Аня поднялась с места и ушла в туалет. Набрала Илью, пошли гудки.
– Да!
– ответил он почти сразу.
Аня выдохнула:
– Мне плохо, забери меня.
И назвала адрес.
– Хорошо, будь там, - проговорил он. – Я сейчас подъеду.
Ну вот и все, теперь не страшно, да? Теперь можно было расслабиться и заплакать. Она вернулась в зал к взволнованной Инке. И ждала, а это ощущение опять начало накатывать снова. Минуты текли, пять, десять…
Очень скоро подъехала машина. Резко затормозила, взвизгнули покрышки по асфальту. Вышел Илья. Кажется, за ним маячили его люди, сейчас Ане было не до того.
Взгляд у него проскочил тревожный, дикий.
– Что случилось, Аня?
У нее не было сил объяснять. Дрожащее внутри чувство усиливалось, низ живота стал тянуть.
– Ничего, просто забери меня домой.
Инна подскочила:
– Илья Николаевич, я правда не знаю. Сидели, и вдруг…
Илья только бросил на нее острый взгляд, челюсти стиснулись, обозначились желваки, та сразу притихла и села на место. А он проговорил негромко:
– Все хорошо, Анечка.
Подхватил ее на руки и понес.
Они не поехали домой. Из кафе Илья повез Аню прямо в ту частную клинику, где она наблюдалась раньше.
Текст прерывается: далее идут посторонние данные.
(* Let $k\geq1$, $n\geq2k$, let $\mathcal{S},\mathcal{T}$ be antichains in $\mathcal{F}=\mathcal{F}_{2k}^{[1,n]}$ with $\mathcal{T}\prec_p\mathcal{S}$, and let $i\geq1$. Then $$B(\mathcal{S},i)\setminus B(\mathcal{T},i)=\bigcup_{j\geq i}\Big(\big(B(\mathcal{S}([j,j+1]),j+2)\setminus B(\mathcal{T}([j,j+1]),j+2)\big)*\overline{[j,j+1]}\Big).$$
   Context: Notation: $[m,n]=\{m,\dots,n\}$; $d$-subsets of $[n]$ are identified with increasing vectors; $G\leq_p F$ means componentwise $\leq$ and $G\prec_p F$ means $G\leq_p F-\mathbf{1}_d$ ($\mathbf{1}_d$ the all-ones vector). For $r\geq1$, $\mathcal{F}_{2r}^{[m,n]}$ is the set of sets $\{i_1,i_1+1,\dots,i_r,i_r+1\}$ with $m\leq i_1$, $i_r\leq n-1$, $i_j\leq i_{j+1}-2$, ordered by $\leq_p$; $\mathcal{F}_0^{[m,n]}=\{\emptyset\}$. For antichains, $\mathcal{T}\prec_p\mathcal{S}$ means every $G\in\mathcal{T}$ satisfies $G\prec_p F$ for some $F\in\mathcal{S}$. $\mathcal{F}_{2r}(\mathcal{S})$ is the order ideal generated by $\mathcal{S}$. For $1\leq\ell\leq k$ and $J=[j,j+2\ell-1]$, $\mathcal{S}(J)\subseteq\mathcal{F}_{2(k-\ell)}^{[1,n]}$ is the set of maximal elements of $\{H\in\mathcal{F}_{2(k-\ell)}^{[1,n]}: H\subseteq[j+2\ell,n],\ J\cup H\in\mathcal{F}(\mathcal{S})\}$. $B(\mathcal{S},m)$ is the pure complex whose facets are the sets of $\mathcal{F}(\mathcal{S})\cap\mathcal{F}_{2k}^{[m,n]}$; $B(\mathcal{S}(J),m)$ is the pure complex whose facets are the sets of $\mathcal{F}_{2(k-\ell)}(\mathcal{S}(J))\cap\mathcal{F}_{2(k-\ell)}^{[m,n]}$. For pure complexes $X,Y$, $X\setminus Y$ is the complex generated by the facets of $X$ that are not facets of $Y$. $\overline{V}$ is the full simplex on $V$, $*$ is the join (join with the void complex is void). *)

From mathcomp Require Import all_boot.
From mathcomp Require Import finmap.
Set Implicit Arguments. Unset Strict Implicit. Unset Printing Implicit Defensive.
Local Open Scope fset_scope.

(* The void complex is the predicate that is everywhere false. *)
Definition face := {fset nat}.
Definition complex := face -> Prop.

Definition itv (a b : nat) : face := [fset x in iota a (b.+1 - a)].

Definition vec (G : face) : seq nat := sort leq (G : seq nat).

(* G <=_p F : componentwise <= (same size) *)
Definition le_p (G F : face) : bool := all2 leq (vec G) (vec F).
(* G <_p F : G <=_p F - 1_d, i.e. g_t <= f_t - 1, i.e. g_t < f_t *)
Definition prec_p (G F : face) : bool := all2 (fun a b => a < b) (vec G) (vec F).

Definition Fam (r m n : nat) (H : face) : Prop :=
  exists ps : seq nat,
    [/\ size ps = r,
        sorted (fun a b => a.+2 <= b) ps,
        all (fun a => (m <= a) && (a.+1 <= n)) ps &
        H = \bigcup_(a <- ps) [fset a; a.+1]].

Definition antichain (k n : nat) (S : face -> Prop) : Prop :=
  (forall F, S F -> Fam k 1 n F) /\
  (forall F G, S F -> S G -> le_p F G -> F = G).

Definition precA (T S : face -> Prop) : Prop :=
  forall G, T G -> exists F, S F /\ prec_p G F.

Definition Ideal (r n : nat) (S : face -> Prop) (G : face) : Prop :=
  Fam r 1 n G /\ exists F, S F /\ le_p G F.

(* S(J) for J = [j, j+2l-1]: maximal elements (w.r.t. <=_p) of
   { H in F_{2(k-l)}^{[1,n]} : H subset [j+2l, n], J cup H in F(S) } *)
Definition SJ (k n : nat) (S : face -> Prop) (l j : nat) (H : face) : Prop :=
  let P := fun H : face =>
    [/\ Fam (k - l) 1 n H, H `<=` itv (j + 2 * l) n
      & Ideal k n S (itv j (j + 2 * l - 1) `|` H)] in
  P H /\ forall H', P H' -> le_p H H' -> H' = H.

Definition gen (Fs : face -> Prop) : complex :=
  fun G => exists F, Fs F /\ G `<=` F.

Definition facets (X : complex) (F : face) : Prop :=
  X F /\ forall G, X G -> F `<=` G -> G = F.

Definition cdiff (X Y : complex) : complex :=
  gen (fun F => facets X F /\ ~ facets Y F).

(* join of complexes (void if one of them is void) *)
Definition join (X Y : complex) : complex :=
  fun G => exists A B, [/\ X A, Y B & G = A `|` B].

Definition simplex (V : face) : complex := fun G => G `<=` V.

Definition Bc (r n : nat) (S : face -> Prop) (m : nat) : complex :=
  gen (fun F => Ideal r n S F /\ Fam r m n F).

From mathcomp Require Import all_boot.
From mathcomp Require Import finmap.
From mathcomp Require Import zify.
From Stdlib Require Import Classical.
Set Implicit Arguments. Unset Strict Implicit. Unset Printing Implicit Defensive.
Local Open Scope fset_scope.

(* A set of F_{2k}^{[m,n]} is a union of k "dominoes" {a, a+1}, separated by
   gaps; hence it splits uniquely as J ∪ H, where J = [j, j+1] is its first
   domino (j >= m) and H lies in F_{2(k-1)}^{[j+2,n]}.  The heart of the proof
   is [link_ideal]: J ∪ H lies in the order ideal F(S) iff H lies in the ideal
   generated by S(J).  One direction needs maximal elements of
   {H' : J ∪ H' ∈ F(S)} above H; they exist because <=_p strictly raises the
   coordinate sum, which is bounded by n times the size ([exists_maximal_above]).
   The other direction holds because <=_p is compatible with prepending J.
   Since the facets of a complex generated by equicardinal faces are exactly
   its generators, J ∪ H is a facet of B(S,i) iff H is a facet of
   B(S(J), j+2) ([facets_Bc_cons]).  The corollary follows by splitting any
   face G under a facet J ∪ H as (G ∩ H) ∪ (G ∩ J). *)

Definition block (a : nat) : face := [fset a; a.+1].
Definition dominoes (ps : seq nat) : face := \bigcup_(a <- ps) block a.

Lemma in_itv x a b : (x \in itv a b) = (a <= x <= b).
Proof.
rewrite /itv inE mem_iota; apply/idP/idP => /andP[h1 h2]; apply/andP; split; lia.
Qed.

Lemma itv_block j : itv j (j + 1) = block j.
Proof.
apply/fsetP => x; rewrite in_itv in_fset2.
by apply/idP/idP => [/andP[h1 h2]|/orP[]/eqP->] //; lia.
Qed.

Lemma dominoes_cons a ps : dominoes (a :: ps) = block a `|` dominoes ps.
Proof. by rewrite /dominoes big_cons. Qed.

Lemma in_dominoes x ps :
  (x \in dominoes ps) = has (fun a => (x == a) || (x == a.+1)) ps.
Proof.
elim: ps => [|a ps IH]; first by rewrite /dominoes big_nil inE.
by rewrite dominoes_cons in_fsetU in_fset2 IH.
Qed.

Lemma mem_vec X x : (x \in vec X) = (x \in X).
Proof. by rewrite /vec mem_sort. Qed.

Lemma vec_inj A B : vec A = vec B -> A = B.
Proof. by move=> e; apply/fsetP => x; rewrite -!mem_vec e. Qed.

Lemma card_vec (A : face) : #|` A| = size (vec A).
Proof. by rewrite /vec size_sort. Qed.

Lemma vec_eq (X : face) s : sorted leq s -> uniq s -> X =i s -> vec X = s.
Proof.
rewrite /vec => ss us eqX; rewrite -(sorted_sort leq_trans ss).
apply/perm_sortP; [exact: leq_total|exact: leq_trans|exact: anti_leq|].
by apply: uniq_perm => //; exact: fset_uniq.
Qed.

Lemma vec_cat (A B : face) : (forall a b, a \in A -> b \in B -> a < b) ->
  vec (A `|` B) = vec A ++ vec B.
Proof.
move=> lt; apply: vec_eq.
- rewrite (sorted_pairwise leq_trans) pairwise_cat.
  rewrite -!(sorted_pairwise leq_trans) !(sort_sorted leq_total) /= andbT.
  apply/allrelP => a b; rewrite !mem_vec => ha hb; exact: ltnW (lt _ _ ha hb).
- rewrite cat_uniq !sort_uniq !fset_uniq /= andbT.
  apply/hasPn => b; rewrite !mem_vec => hb; apply/negP => ha.
  by have := lt _ _ ha hb; rewrite ltnn.
- by move=> x; rewrite mem_cat !mem_vec in_fsetU.
Qed.

Lemma vec_block_cat a H : (forall x, x \in H -> a.+1 < x) ->
  vec (block a `|` H) = a :: a.+1 :: vec H.
Proof.
move=> gtH; rewrite vec_cat; last first.
  by move=> x y /[!in_fset2] /orP[]/eqP-> /gtH; lia.
suff -> : vec (block a) = [:: a; a.+1] by [].
apply: vec_eq; first by rewrite /= leqnSn.
  by rewrite /= inE andbT; apply/negP => /eqP; lia.
by move=> x; rewrite in_fset2 !inE.
Qed.

Definition gapped (a b : nat) : bool := a.+2 <= b.

Lemma gapped_trans : transitive gapped.
Proof. move=> y x z; rewrite /gapped; lia. Qed.

Lemma size_vec_dominoes ps : sorted gapped ps -> size (vec (dominoes ps)) = 2 * size ps.
Proof.
elim: ps => [|a ps IH] /= sps; first by rewrite /dominoes big_nil /vec.
rewrite dominoes_cons vec_block_cat /= ?IH; [lia | exact: path_sorted sps|].
move=> x /[!in_dominoes] /hasP[b hb /orP[]/eqP->];
  have := allP (order_path_min gapped_trans sps) b hb; rewrite /gapped; lia.
Qed.

Lemma Fam_bounds r m n F x : Fam r m n F -> x \in F -> m <= x <= n.
Proof.
move=> [ps [_ _ /allP bps ->]]; rewrite -/(dominoes ps) in_dominoes.
by move=> /hasP[a /bps /andP[h1 h2] /orP[]/eqP->]; lia.
Qed.

Lemma Fam_card r m n F : Fam r m n F -> #|` F| = 2 * r.
Proof. by move=> [ps [<- sps _ ->]]; rewrite card_vec size_vec_dominoes. Qed.

Lemma Fam_weaken r m m' n F : m' <= m -> Fam r m n F -> Fam r m' n F.
Proof.
move=> le [ps [s sps /allP bps eF]]; exists ps; split => //.
by apply/allP => a /bps /andP[h1 h2]; apply/andP; split; lia.
Qed.

Lemma Fam_cons r m n j H : m <= j -> j < n -> Fam r (j + 2) n H ->
  Fam r.+1 m n (block j `|` H).
Proof.
move=> mj jn [ps [s sps bps ->]]; exists (j :: ps); split.
- by rewrite /= s.
- rewrite /= path_min_sorted //.
  by apply/allP => a /(allP bps) /andP[h1 _]; rewrite /gapped; lia.
- rewrite /= mj jn /=.
  by apply/allP => a /(allP bps) /andP[h1 h2]; apply/andP; split; lia.
- by rewrite big_cons.
Qed.

Lemma Fam_uncons r m n F : Fam r.+1 m n F ->
  exists j H, [/\ m <= j, F = block j `|` H & Fam r (j + 2) n H].
Proof.
move=> [[|j ps] [s sps bps ->]] //.
move: bps => /= /andP[/andP[mj _] bps].
exists j, (dominoes ps); split => //; first by rewrite big_cons.
exists ps; split => //; first by case: s.
- exact: path_sorted sps.
- apply/allP => a ha; have := allP (order_path_min gapped_trans sps) a ha.
  by have := allP bps a ha; rewrite /gapped => /andP[_ ->]; lia.
Qed.

Lemma le_p_refl A : le_p A A.
Proof. by rewrite /le_p; elim: (vec A) => //= x s ->; rewrite leqnn. Qed.

Lemma le_p_trans A B C : le_p A B -> le_p B C -> le_p A C.
Proof.
rewrite /le_p; elim: (vec A) (vec B) (vec C) => [|x s IH] [|y t] [|z u] //=.
by move=> /andP[xy st] /andP[yz tu]; rewrite (leq_trans xy yz) (IH _ _ st tu).
Qed.

Lemma all2_leq_sumn s t : all2 leq s t -> sumn s <= sumn t ?= iff (s == t).
Proof.
elim: s t => [|x s IH] [|y t] //= /andP[xy /IH st].
rewrite eqseq_cons; exact: leqif_add (leqif_eq xy) st.
Qed.

Lemma le_p_sumn A B : le_p A B -> A <> B -> sumn (vec A) < sumn (vec B).
Proof.
move=> /all2_leq_sumn leAB neAB; rewrite (ltn_leqif leAB).
by apply/eqP => /vec_inj.
Qed.

Lemma le_p_size A B : le_p A B -> size (vec A) = size (vec B).
Proof. by rewrite /le_p all2E => /andP[/eqP]. Qed.

Lemma sumn_bound b s : (forall x, x \in s -> x <= b) -> sumn s <= b * size s.
Proof.
elim: s => [|x s IH] //= hb; rewrite mulnS leq_add ?hb ?mem_head //.
by apply: IH => y hy; apply: hb; rewrite inE hy orbT.
Qed.

(* In a family of sets bounded by b, every member lies <=_p-below a maximal
   member: ascending chains are finite since the coordinate sum increases
   strictly and stays below b times the size. *)
Lemma exists_maximal_above (P : face -> Prop) b H :
  (forall H x, P H -> x \in H -> x <= b) -> P H ->
  exists H', [/\ P H', le_p H H' & forall H'', P H'' -> le_p H' H'' -> H'' = H'].
Proof.
move=> bnd; pose room X := b * size (vec X) - sumn (vec X).
suff: forall m X, room X < m -> P X ->
  exists H', [/\ P H', le_p X H' & forall H'', P H'' -> le_p H' H'' -> H'' = H'].
  by apply.
elim=> // m IH X roomX PX.
have [[Y [PY leXY neYX]] | noY] :=
  classic (exists Y, [/\ P Y, le_p X Y & Y <> X]); last first.
  exists X; split=> [//||Y PY leXY]; first exact: le_p_refl.
  by apply: NNPP => neYX; apply: noY; exists Y.
have sumXY := le_p_sumn leXY (nesym neYX).
have boundY : sumn (vec Y) <= b * size (vec Y).
  by apply: sumn_bound => x; rewrite mem_vec; exact: bnd.
have [Z [PZ leYZ maxZ]] : exists Z,
    [/\ P Z, le_p Y Z & forall H'', P H'' -> le_p Z H'' -> H'' = Z].
  by apply: IH PY; move: roomX; rewrite /room (le_p_size leXY); lia.
by exists Z; split => //; exact: le_p_trans leXY leYZ.
Qed.

Lemma le_p_block a H H' :
  (forall x, x \in H -> a.+1 < x) -> (forall x, x \in H' -> a.+1 < x) ->
  le_p H H' -> le_p (block a `|` H) (block a `|` H').
Proof. by move=> gtH gtH'; rewrite /le_p !vec_block_cat //= !leqnn. Qed.

Lemma facets_gen (Fs : face -> Prop) c F :
  (forall F, Fs F -> #|` F| = c) -> facets (gen Fs) F <-> Fs F.
Proof.
move=> card_c; split.
- move=> [[F' [FsF' FF']] maxF].
  by have <- : F' = F by apply: maxF => //; exists F'.
- move=> FsF; split; first by exists F.
  move=> G [F' [FsF' GF']] FG.
  have /eqP eF : F == F'.
    by rewrite eqEfcard (card_c _ FsF) (card_c _ FsF') leqnn (fsubset_trans FG GF').
  by subst F'; apply/eqP; rewrite eqEfsubset GF' FG.
Qed.

Lemma facets_Bc r n R m F : facets (Bc r n R m) F <-> Ideal r n R F /\ Fam r m n F.
Proof. by apply: (@facets_gen _ (2 * r)) => F' [_ /Fam_card]. Qed.

Definition link_fam r n (R : face -> Prop) j (H : face) : Prop :=
  [/\ Fam r 1 n H, H `<=` itv (j + 2) n & Ideal r.+1 n R (block j `|` H)].

Lemma SJ_link r n R j H : SJ r.+1 n R 1 j H <->
  link_fam r n R j H /\ forall H', link_fam r n R j H' -> le_p H H' -> H' = H.
Proof.
have itvJ : itv j (j + 2 * 1 - 1) = block j by rewrite -itv_block; congr itv; lia.
by rewrite /SJ /link_fam itvJ subn1.
Qed.

Lemma link_ideal r n R j H : Fam r (j + 2) n H ->
  Ideal r.+1 n R (block j `|` H) <-> Ideal r n (SJ r.+1 n R 1 j) H.
Proof.
move=> FH; have FH1 : Fam r 1 n H by apply: Fam_weaken FH; lia.
have gtH x : x \in H -> j.+1 < x by move/(Fam_bounds FH); lia.
split=> [IdJH | [_ [H' [/SJ_link[[_ subH' [FJH' [F [RF leF]]]] _] leHH']]]].
- have linkH : link_fam r n R j H.
    by split=> //; apply/fsubsetP => x /(Fam_bounds FH); rewrite in_itv; lia.
  have link_bounded X x : link_fam r n R j X -> x \in X -> x <= n.
    by case=> _ /fsubsetP sub _ /sub; rewrite in_itv => /andP[].
  have [H' [linkH' leHH' maxH']] := exists_maximal_above link_bounded linkH.
  by split=> //; exists H'; split=> //; apply/SJ_link.
- have gtH' x : x \in H' -> j.+1 < x.
    by move/(fsubsetP subH'); rewrite in_itv; lia.
  have /andP[j1 _] : 1 <= j <= n by apply: Fam_bounds FJH' _; rewrite in_fsetU fset21.
  have /andP[_ j1n] : 1 <= j.+1 <= n.
    by apply: Fam_bounds FJH' _; rewrite in_fsetU fset22.
  split; first exact: Fam_cons FH.
  by exists F; split=> //; apply: le_p_trans (le_p_block gtH gtH' leHH') leF.
Qed.

Lemma facets_Bc_cons r n R i j H : i <= j -> Fam r (j + 2) n H ->
  facets (Bc r.+1 n R i) (block j `|` H) <->
  facets (Bc r n (SJ r.+1 n R 1 j) (j + 2)) H.
Proof.
move=> ij FH; rewrite !facets_Bc -link_ideal //.
split=> [[IdJH _] // | [IdJH _]]; split=> //.
have /andP[_ j1n] : 1 <= j.+1 <= n.
  by case: IdJH => FJH _; apply: Fam_bounds FJH _; rewrite in_fsetU fset22.
exact: Fam_cons FH.
Qed.

Theorem corollary3p7 (k n : nat) (S T : face -> Prop) (i : nat) :
  1 <= k -> 2 * k <= n ->
  antichain k n S -> antichain k n T -> precA T S -> 1 <= i ->
  forall G : face,
    cdiff (Bc k n S i) (Bc k n T i) G <->
    exists j, i <= j /\
      join (cdiff (Bc (k - 1) n (SJ k n S 1 j) (j + 2))
                  (Bc (k - 1) n (SJ k n T 1 j) (j + 2)))
           (simplex (itv j (j + 1))) G.
Proof.
case: k => [//|r] _ _ _ _ _ _ G; rewrite subn1 /=.
split=> [[F [[facS notT] GF]] | [j [ij [A [B [[H [[facS notT] AH]] BJ ->]]]]]].
-
  have /facets_Bc[_ /Fam_uncons[j [H [ij eF FH]]]] := facS.
  rewrite eF in facS notT GF.
  rewrite (facets_Bc_cons S ij FH) in facS; rewrite (facets_Bc_cons T ij FH) in notT.
  exists j; split=> //; exists (G `&` H), (G `&` block j); split.
  + by exists H; split; last exact: fsubsetIr.
  + by rewrite /simplex itv_block fsubsetIr.
  + by rewrite -fsetIUr fsetUC; apply/esym/fsetIidPl.
-
  have /facets_Bc[_ FH] := facS.
  exists (block j `|` H); split.
  + by rewrite (facets_Bc_cons S ij FH) (facets_Bc_cons T ij FH).
  + by rewrite fsetUC fsetUSS // -itv_block.
Qed.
Сутки с лишним ее удалось продержать, а к утру третьего дня родился малыш. Мальчик. Два семьсот, закричал сам.
***
Прошедшие сутки дались Анне тяжело. Все время на нервах, страх, что с малышом случится что-то. И далеко в глубине души запрятанные глупые женские слезы о том, что больше никогда не вернется. Она отрезала это от себя. Отрезала по живому. Сказала ему, что видеть его не хочет. Так зачем же ему теперь преследовать ее, тревожить?!
Неизвестно, как бы она пережила это все, если бы не Илья. Он был рядом, его молчаливая поддержка и помощь. Без вопросов, без единого упрека. Хотелось разрыдаться, просить у него прощенья, но он только улыбался ей, держа за руку:
– Не надо, Анечка, все будет хорошо.
Хорошо.
Когда стало ясно, что все-таки рожать будет сейчас, Ане уже стало побоку, что могут подумать. Это их жизнь и не касается никого. Главное - малыш. Чтобы с ним все было хорошо.
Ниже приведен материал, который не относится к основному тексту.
(* Let $(X,d)$ be a geodesic length space that is a proper metric space, $I\subseteq\mathbb{R}$ an open interval and $f:I\to(0,\infty)$ continuous. Then the generalized cone $I\times_f X$ is globally hyperbolic.
   Context: $Y=I\times_f X$ is the set $I\times X$ with metric $D((t,x),(t',x'))=|t-t'|+d(x,x')$. A curve $\gamma=(\alpha,\beta)$ is causal if $D$-absolutely continuous, $\alpha$ strictly monotone and $-\dot\alpha^2+(f\circ\alpha)^2v_\beta^2\le0$ a.e. ($v_\beta$ the metric derivative of $\beta$), future directed if $\dot\alpha>0$ a.e.; $y\le y'$ iff $y=y'$ or there is a future directed causal curve from $y$ to $y'$. Causal diamonds: $J(p,q)=\{r: p\le r\le q\}$. Global hyperbolicity (for Lorentzian pre-length spaces, in the sense of Kunzinger–Sämann): the space is non-totally imprisoning (for every compact set $K$ there is $C>0$ such that the $D$-length of every causal curve contained in $K$ is at most $C$) and $J(p,q)$ is compact for all $p,q$. *)

From Stdlib Require Import Reals Lra List.
From Coquelicot Require Import Rbar.
Open Scope R_scope.

Fixpoint psum (g : nat -> R) (n : nat) : R :=
  match n with O => 0 | S k => psum g k + g k end.

Definition is_metric {X : Type} (d : X -> X -> R) : Prop :=
  (forall x y, 0 <= d x y) /\ (forall x y, d x y = 0 <-> x = y) /\
  (forall x y, d x y = d y x) /\ (forall x y z, d x z <= d x y + d y z).

Definition open_set {T : Type} (dist : T -> T -> R) (U : T -> Prop) : Prop :=
  forall x, U x -> exists r, 0 < r /\ forall y, dist x y < r -> U y.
Илья поднял на ноги всех, наготове держали операционную и инкубатор для новорожденного. Она родила сама. Было больно и страшно, но без разрывов и осложнений. А малыш хоть и семимесячный, но орал так, что его было слышно на весь блок. Его даже не пришлось укладывать в инкубатор. Да, ребеночек худенький, два семьсот всего, но вполне жизнеспособный.
Когда Аня увидела его красненькое
Осталось только огромное, несоизмеримое ни с чем счастье.
И это свое огромное счастье она могла разделить с Ильей. А он все эти дни был сам не свой, тоже перенервничал и вымотался адски. Но когда родился маленький, Аня видела, как у него дрожали от волнения руки, как он смотрел на сына, сколько всего неизреченного светилось в глазах. Ее охватывала гордость.
***
Вадим узнал уже спустя четыре дня. Случайно. Просто зацепил обрывки разговора.
Был короткий перерыв между совещаниями, который уже заканчивался. Все толпой направлялись в конференц-зал. Алишер задержался с одним из своих.
Он как услышал, развернулся и пошел к выходу.
Кажется, его окликнули:
– Куда? Сейчас же ваш доклад!
В тот момент ему было на все плевать. Шел, срываясь на бег, а в голове выстреливало искрами:
«У Ильи Муратова сын».
«Преждевременные роды… жена в больнице…»
«Надо поздравить…»
Это его сын! Его сын, мать его!
Преждевременно… Что с ней? Что с Анной?! Ему надо было ее увидеть. Увидеть ее, сказать. Это его сын.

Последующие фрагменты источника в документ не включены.